There is no dispute that similar charges were framed against his helper Sitaram and both faced a joint disciplinary enquiry which was directed by the appellant when the appellant was not satisfied with the explanations furnished. One Mr. H. Pal, not associated with the appellant-company in any manner, was appointed the enquiry officer. 3. The enquiry was held on January 27, 1968, obviously in the presence of both Deoraj and Sitaram. Two of the supervisors on duty at the works upto 6. p.m. on January 5, 1968, namely, M.R. Talukdar and Satyajit Majumdar were examined along with the foreman B.N. Rai on behalf of the appellant in support of the charges. These three witnesses on their own evidence fully established the charges including the charge of gross neglect resulting in wrong shearing of 28 pieces and their rejection. Such evidence and in particular the evidence of tile foreman disproved the defence of Deoraj that wrong shearing was due to any defect in the machine. It would appear further from the evidence of this foreman B.N. Rai that when asked by him Deoraj failed to furnish any explanation for the wrong shearing at that time while Sitaram in furnishing the reason stated in the presence of Deoraj that he was asked by Deoraj to complete the scheduled work quickly so that they could take mere rest afterwards in spite of the fact that Sitaram pointed out that may lead to mistakes. 4. The minutes of the domestic enquiry show that though offered for cross-examination none of these witnesses was cross-examined either by Deoraj or by Sitaram. On that very date both Deoraj and Sitaram were examined by the enquiry officer. Sitaram in his statement made the same statement as he had earlier made to the foreman and he further stated that Deoraj did not inform about such wrong shearing to anybody including the supervisors present. Deoraj in his statement on the other hand reaffirmed his own defence, namely, that he noticed the defects during the operation and reported the matter to the supervisors who came and adjusted the gauge and that he proceeded with the shearing job on the gauge so adjusted. Neither of the two delinquents, however, adduced any evidence to substantiate their respective defences. 5.

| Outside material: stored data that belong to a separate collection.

Lemma spd_invmx n (S : 'M[R]_n) : spd S -> spd (invmx S).
Proof.
move=> S_spd; have S_unit := spd_unitmx S_spd; case: S_spd => S_sym S_pos.
split=> [|v v0]; first by rewrite trmx_inv S_sym.
have w0 : invmx S *m v != 0.
  by apply: contraNneq v0 => w0; rewrite -(mulKVmx S_unit v) w0 mulmx0.
have := S_pos _ w0.
by rewrite trmx_mul trmx_inv S_sym -!mulmxA mulKVmx.
Qed.

Lemma spdD n (S1 S2 : 'M[R]_n) : spd S1 -> spd S2 -> spd (S1 + S2).
Proof.
move=> [S1_sym S1_pos] [S2_sym S2_pos]; split=> [|v v0].
  by rewrite linearD /= S1_sym S2_sym.
by rewrite mulmxDr mulmxDl mxE addr_gt0 ?S1_pos ?S2_pos.
Qed.

Section Schur.
Variables (n : nat) (P : 'M[R]_(1 + n)).
Hypothesis P_spd : spd P.

Definition schur_shift : 'cV[R]_n := invmx (drsubmx P) *m dlsubmx P.
Definition schur_compl : 'M[R]_1 := ulsubmx P - ursubmx P *m schur_shift.
Definition schur_lower : 'M[R]_(1 + n) := block_mx 1%:M 0 schur_shift 1%:M.

Lemma spd_drsubmx : spd (drsubmx P).
Proof.
split=> [|y y0]; first by rewrite trmx_drsub spd_sym.
have := P_spd.2 (col_mx 0 y); rewrite col_mx_eq0 eqxx y0 => /(_ isT).
rewrite -{1}(submxK P) tr_col_mx trmx0 mul_row_block mul_row_col !mul0mx !add0r.
by rewrite mulmx0 add0r.
Qed.

Lemma schur_decomposition :
  P = schur_lower^T *m block_mx schur_compl 0 0 (drsubmx P) *m schur_lower.
Proof.
have Dm : drsubmx P *m schur_shift = dlsubmx P.
  by rewrite mulKVmx // (spd_unitmx spd_drsubmx).
have mD : schur_shift^T *m drsubmx P = ursubmx P.
  by rewrite -(spd_sym spd_drsubmx) -trmx_mul Dm trmx_dlsub spd_sym.
rewrite /schur_lower tr_block_mx !trmx1 !trmx0 !mulmx_block.
rewrite !(mul1mx, mulmx1, mul0mx, mulmx0, addr0, add0r) Dm mD.
by rewrite /schur_compl subrK submxK.
Qed.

Neither of the two delinquents, however, adduced any evidence to substantiate their respective defences. 5. Deoraj made a representation to the manager of the appellant on the very date, namely, January 27, 1978, and obviously after the conclusion of the enquiry, complaining that the enquiry held was mala fide, unfair and against the principles of natural justice. The ground for such objection was that all the appellant's witnesses were present at the enquiry when the witnesses were being examined in chief and that the company's labour officer tampered with company's witnesses in presence of the enquiry officer. Such objections, however, were not raised before the enquiry officer and the minutes of the enquiry do not support any such complaint. The appellant in a letter dated February 6, 1968, strongly controverted those allegations made by Deoraj. It was pointed out that the labour officer in presenting the case of the company presented the witnesses one by one and it is not correct that all the witnesses were present when they were being examined. It was further pointed out that Deoraj himself refused to cross-examine any of those witnesses individually though opportunity was given to him for the said purpose. But Deoraj reiterated his previous complaint in a letter dated February 9, 1968. The appellant in their reply dated February 12, 1968, strongly controverted the allegations so repeated by Deoraj and further made a fair offer that if Deoraj felt it necessary they may hold another enquiry. That offer, however, was rejected by Deoraj by his letter dated February 15, 1968. But, even then, the appellant by their letter dated February 22, 1968, offered to hold a fresh enquiry on March 9, 1968 in case Deoraj wishes to avail that opportunity. This offer also was not accepted when the letter was returned as refused'. 6. In the background of such circumstances the enquiry officer submitted his report. He found that the charges levelled against both the delinquents had been established at the enquiry on the evidence led by the appellant. The report read as a whole goes to show that the enquiry officer based his findings on the substantive evidence of the three witnesses though he used the statement of Sitaram made at the enquiry for corroborating' the evidence of those three witnesses. 7.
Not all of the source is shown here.